Since you are integrating a function of variables x and y, with respect to x and y, over a specific region in the xy-plane the result must be a constant- a number.

Your function is defined by f(x, y)= k if 0< x< y< 1, 0 otherwise. Now, you should be able to see that this region is a right triangle. One way of thinking about this is that x can be any number between 0 and 1, so draw an xy- coordinate system and mark x= 0, x= 1 on the x- axis. Now, for each x we have "x< y< 1" so draw the boundaries, y= 1 and y= x on your graph. The first is, of course, a horizontal straight line at y= 1 and the second is the line through (0, 0) and (1, 1). y must lie between those two lines so shade the area [b]above[b] y= x and below y= 1. The region here is the triangle with vertices at (0, 0), (1, 1), and (0, 1).

Conversely, you could note that y is between 0 and 1 so mark y= 0 and y= 1 on the y-axis.
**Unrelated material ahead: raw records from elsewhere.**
Lemma even_sig b : parity b = false -> even_elt (sig b).
Proof. by move=> even_b B odd_B; rewrite coef_sig_parity // odd_B even_b. Qed.

Lemma coef_sig_br b b' B : coef (ext sig (br half lam b b')) B = coef (brx (sig b) (sig b')) B.
Proof.
case: sig_aut => _ sig_br _ _.
have br_unit : coef (brx [:: (1, b)] [:: (1, b')]) =1 coef (br half lam b b').
  move=> B'; rewrite /brx /= cats0.
  by elim: (br half lam b b') => [//|[a c] l IH]; rewrite /= !coef_elt_cons IH !mul1r.
have sig_unit c : coef (ext sig [:: (1, c)]) =1 coef (sig c).
  by move=> B'; rewrite coef_ext1 mul1r.
rewrite -(eq_coef_ext sig br_unit) sig_br.
exact: (eq_coef_brx half lam (sig_unit b) (sig_unit b') B).
Qed.

Lemma sig_neq0 b : ~ (forall B, F b B = 0).
Proof.
move=> sig0; case: sig_aut => _ _ sig_inj _.
have sig_b0 : coef (ext sig [:: (1, b)]) =1 coef (ext sig [::]).
  by move=> B; rewrite coef_ext1 sig0 mulr0 coef_elt_nil.
have := sig_inj _ _ sig_b0 b.
by rewrite coef_elt_cons eqxx coef_elt_nil addr0 => /eqP; rewrite oner_eq0.
Qed.

Lemma coef_sig_bI_bL n j : F (bI n) (bL j) = 0.
Proof.
have := coef_sig_br (bG (n - sI half)) (bG 0) (bL j).
rewrite /= coef_ext1 mul1r addr0 subrK => ->.
by rewrite (@coef_brx_bL_conc _ half lam _ _ 0) => [|a _]; rewrite coef_sig_parity ?mul0r.
Qed.

Lemma exists_sig_bL_coef j : exists m, F (bL m) (bL j) != 0.
Proof.
case: sig_aut => _ _ _ sig_surj; have [x hx] := sig_surj [:: (1, bL j)].
have /sum_neq0_exists[c _] : \sum_(c <- supp x) coef x c * F c (bL j) != 0.
  rewrite -(coef_ext_supported sig _ (undup_uniq _) (@supported_supp _ x)) hx.
  by rewrite coef_elt_cons eqxx coef_elt_nil addr0 oner_eq0.
rewrite mulf_eq0 negb_or => /andP[_]; case: c => m Fm; first by exists m.
- by rewrite coef_sig_bI_bL eqxx in Fm.
- by rewrite coef_sig_parity ?eqxx in Fm.
- by rewrite coef_sig_parity ?eqxx in Fm.
Qed.

Lemma coef_brx_sigL0_bL m B : coef (brx (sig (bL 0)) (sig (bL m))) B = (- m)%:~R * F (bL m) B.
Proof. by rewrite -coef_sig_br /= coef_ext1 sub0r add0r. Qed.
Now, for each y x< y so shade the area bounded on the left by x= 0, the y-axis and on the right by y= x. You can see that this is exactly the same region as above, the triangle with vertices at (0, 0), (1, 1), and (0, 1).

So you can set up this integral in either of two ways. Corresponding to the analysis above, starting with "mark x= 0, x= 1 on the x- axis", the "outer" integral will be with respect to x and go from x= 0 to x= 1. Then "for each x we have "x< y< 1" so the "inner" integral is from x on the bottom to 1 on the top:
$\displaystyle \int_0^1\int_x^1 f(x) dy dx$

Corresponding to the next paragraph, "mark y= 0 and y= 1 on the y-axis", the 'outer integral will be with respect to y and go from y= 0 to y= 1. Then "for each y we have x< y< 1" so that x has a lower limit of 0 and a upper limit of y:
$\displaystyle \int_0^1\int_0^y f(x, y) dx dy$

For any integrable f(x,y) those will give the same answer.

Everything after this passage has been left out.